MEMORANDUM
Paul Fallon (“Fallon”) opposes vaccines, believing that their benefits are exaggerated and risks minimized. He questions specifically the efficacy of vaccines for influenza as well as the stated number of flu-related deaths and hospitalizations annually in the United States. Fallon was fired by Mercy Catholic Medical Center (“Mercy”)
Fallon now sues Mercy for religious discrimination under Title VII of the Civil Rights Act of 1964 (“Title VII” or “the Act”), 42 U.S.C. Section 2000e et seq., and wrongful termination in violation of Pennsylvania public policy. Mercy moves to dismiss the complaint. While Fallon articulates numerous reasons for his unwillingness to be vaccinated, none of them are grounded in a sincere religious belief required to state a claim under Title VII. In addition, there is no public policy exception of the type Fallon seeks to the at-will employment doctrine in Pennsylvania.

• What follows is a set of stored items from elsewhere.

Lemma representable_inter_symint S a b :
  representable S -> representable (setI S (symint a b)).
Proof.
  intros [l ->].
  destruct (symint_as_ico a b) as [c [h [Hch ->]]].
  destruct (symdiff_list_inter_ico l c h Hch) as [l' [Hl' _]].
  exists l'; auto.
Qed.

Lemma representable_setI S T :
  representable S -> representable T -> representable (setI S T).
Proof.
  intros HS [l ->]; induction l as [|[a b] l IH].
  - exists nil; apply set_ext; intro t; unfold setI; simpl; tauto.
  - rewrite symdiff_list_cons, setI_symdiff_r.
    apply representable_symdiff; auto.
    apply representable_inter_symint; auto.
Qed.

Lemma representable_SymM S : SymM S -> representable S.
Proof.
  induction 1.
  - apply representable_symint.
  - apply representable_symdiff; auto.
  - apply representable_setI; auto.
Qed.

Lemma trunc_None S : trunc S None = S.
Proof. apply set_ext; intro t; unfold trunc; simpl; tauto. Qed.

Lemma representable_trunc S h : representable S -> representable (trunc S h).
Proof.
  intro HS; destruct h as [x|]; [|rewrite trunc_None; auto].
  replace (trunc S (Some x)) with (symdiff S (setI S (symint (Some x) None))).
  - apply representable_symdiff; auto; apply representable_inter_symint; auto.
  - apply set_ext; intro t; unfold symdiff, setI, trunc, symint; simpl.
    destruct (Rle_dec x t); [assert (~ t < x) by lra | assert (t < x) by lra]; tauto.
Qed.

Lemma trunc_gap S x y : x <= y -> (forall t, x <= t < y -> ~ S t) ->
  trunc S (Some y) = trunc S (Some x).
Proof.
  intros Hxy Hgap; apply set_ext; intro t; unfold trunc; simpl.
  split; intros [HS Ht]; split; auto; [|lra].
  destruct (Rlt_le_dec t x); auto.
  exfalso; apply (Hgap t); auto; lra.
Qed.

Definition endpoint_parity (f : R -> bool) (finf : bool)
  (l : list (option R * option R)) : bool :=
  fold_right (fun p b => xorb (xorb (fext f finf (fst p)) (fext f finf (snd p))) b)
             false l.

Lemma endpoint_parity_app f finf l1 l2 :
  endpoint_parity f finf (l1 ++ l2)
  = xorb (endpoint_parity f finf l1) (endpoint_parity f finf l2).
Proof.
  unfold endpoint_parity; induction l1 as [|p l1 IH]; simpl; auto.
  rewrite IH; symmetry; apply xorb_assoc_reverse.
Qed.

Lemma endpoint_parity_window_const f finf y h c l :
  (forall t, in_window y h t -> fext f finf t = c) ->
  Forall (fun p => in_window y h (fst p) /\ in_window y h (snd p)) l ->
  endpoint_parity f finf l = false.
Proof.
  intros Hc HF; induction HF as [|p l [H1 H2] _ IH]; simpl; auto.
  unfold endpoint_parity in *; simpl.
  rewrite IH, (Hc _ H1), (Hc _ H2); now destruct c.
Qed.

(* The hypothesis of the theorem only covers nonempty lists, but the empty set
   is also [[0,0)). *)
Lemma mu_eq_endpoint_parity f finf (mu : (R -> Prop) -> bool) :
  (forall l, l <> nil -> mu (symdiff_list l) = endpoint_parity f finf l) ->
  forall l, mu (symdiff_list l) = endpoint_parity f finf l.
Proof.
  intros Hmu [|p l]; [|apply Hmu; discriminate].
  replace (symdiff_list nil) with (symdiff_list ((Some 0, Some 0) :: nil)).
  - rewrite Hmu by discriminate; simpl; now destruct (f 0).
  - rewrite symdiff_list_cons; apply set_ext; intro t; unfold symdiff, symint; simpl.
    split; [intros [[H _] | [H _]]; lra | tauto].
Qed.

Section MeasureOnRepresentable.

Variables (f : R -> bool) (finf : bool) (mu : (R -> Prop) -> bool).
Hypothesis mu_symdiff_list :
  forall l, mu (symdiff_list l) = endpoint_parity f finf l.

Lemma mu_empty : mu (fun _ => False) = false.
Proof. exact (mu_symdiff_list nil). Qed.

Lemma mu_symdiff S T :
  representable S -> representable T -> mu (symdiff S T) = xorb (mu S) (mu T).
Proof.
  intros [l1 ->] [l2 ->].
  rewrite <- symdiff_list_app, !mu_symdiff_list; apply endpoint_parity_app.
Qed.

Lemma mu_disjoint_union S T :
  representable S -> representable T -> (forall t, S t -> T t -> False) ->
  mu (fun t => S t \/ T t) = xorb (mu S) (mu T).
Proof.
  intros HS HT HST; rewrite <- mu_symdiff by auto; f_equal.
  apply set_ext; intro t; unfold symdiff; specialize (HST t); tauto.
Qed.

Lemma mu_inter_ico_const S y h c :
  representable S -> ole (Some y) h ->
  (forall t, in_window y h t -> fext f finf t = c) ->
  mu (setI S (ico y h)) = false.
Proof.
  intros [l ->] Hyh Hc.
  destruct (symdiff_list_inter_ico l y h Hyh) as [l' [<- Hl']].
  rewrite mu_symdiff_list; eapply endpoint_parity_window_const; eauto.
Qed.

Lemma mu_trunc_split S y h : representable S -> ole (Some y) h ->
  mu (trunc S h) = xorb (mu (trunc S (Some y))) (mu (setI S (ico y h))).
Proof.
  intros HS Hyh.
  rewrite <- (mu_disjoint_union (trunc S (Some y)) (setI S (ico y h))).
  - f_equal; apply set_ext; intro t; unfold trunc, setI, ico; simpl.
    pose proof (below_lt_ole h t y).
    destruct (Rlt_le_dec t y); [|assert (~ t < y) by lra]; tauto.
  - apply representable_trunc; auto.
  - rewrite ico_as_symint by auto; apply representable_inter_symint; auto.
  - intros t [_ H1] [_ [H2 _]]; simpl in H1; lra.
Qed.

Lemma mu_trunc_const S y h c :
  representable S -> ole (Some y) h ->
  (forall t, in_window y h t -> fext f finf t = c) ->
  mu (trunc S h) = mu (trunc S (Some y)).
Proof.
  intros HS Hyh Hc.
  rewrite (mu_trunc_split S y h), (mu_inter_ico_const S y h c) by auto.
  apply xorb_false_r.
Qed.

Lemma mu_trunc_grow S x y :
  representable S -> x <= y -> (forall t, x <= t < y -> S t) ->
  mu (trunc S (Some y)) = xorb (mu (trunc S (Some x))) (mu (ico x (Some y))).
Proof.
  intros HS Hxy HSxy.
  rewrite (mu_trunc_split S x (Some y)) by (simpl; auto).
  do 2 f_equal; apply set_ext; intro t; unfold setI, ico; simpl.
  split; [tauto|]; intros Ht; split; auto; apply HSxy; lra.
Qed.

End MeasureOnRepresentable.

Lemma xor_upto_S mu A N : xor_upto mu A (S N) = xorb (xor_upto mu A N) (mu (A N)).
Proof.
  unfold xor_upto; rewrite seq_S, fold_right_app; simpl.
  generalize (seq 0 N) as s; induction s as [|n s IH]; simpl.
  - now destruct (mu (A N)).
  - now rewrite IH, xorb_assoc_reverse.
Qed.

Lemma xor_upto_ext mu A B N :
  (forall n, (n < N)%nat -> mu (A n) = mu (B n)) -> xor_upto mu A N = xor_upto mu B N.
Proof.
  intro HAB; induction N as [|N IH]; auto.
  rewrite !xor_upto_S, HAB by lia.
  rewrite IH; [reflexivity|]; intros n Hn; apply HAB; lia.
Qed.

The Court grants Mercy’s motion.
I.
Mercy hired Fallon in 1994 as a Psychiatric Crisis Intake Worker. (Compl. ¶ 6, ECF No. 1.) Beginning in 2012 Mercy required its employees to “either obtain a flu vaccination or submit an exemption form to obtain a medical or religious exemption.” (Id. ¶ 7.) Those who were granted an exemption had to wear a mask. (Id.) In 2012 and 2013 Fallon sought exemptions “on the basis of a strong moral or ethical conviction similar to a religious belief.” (Id. ¶ 8.) In each of those years Fal-lon provided Mercy with his lengthy essay “explaining his sincerely held moral and ethical convictions.” (Id.) Mercy granted Fallon exemptions in both 2012 and 2013 and he accordingly wore a mask “during those flu seasons.” (Id. ¶ 9.)
Fallon applied for an exemption again in 2014 but was denied. (Id. ¶ 10.) On December 4, 2014 Chief Human.Resources Officer John Cigler (“Cigler”) told Fallon that Mercy changed its policy regarding exemptions. (Id. ¶ 11.) Cigler told Fallon that he needed to “provide a . letter on official clergy letterhead supporting his exemption request.” (Id.) Mercy gave Fallon an official warning on December 7, 2014 after he failed to obtain a flu vaccination or approved exemption. (Id. ¶ 13.)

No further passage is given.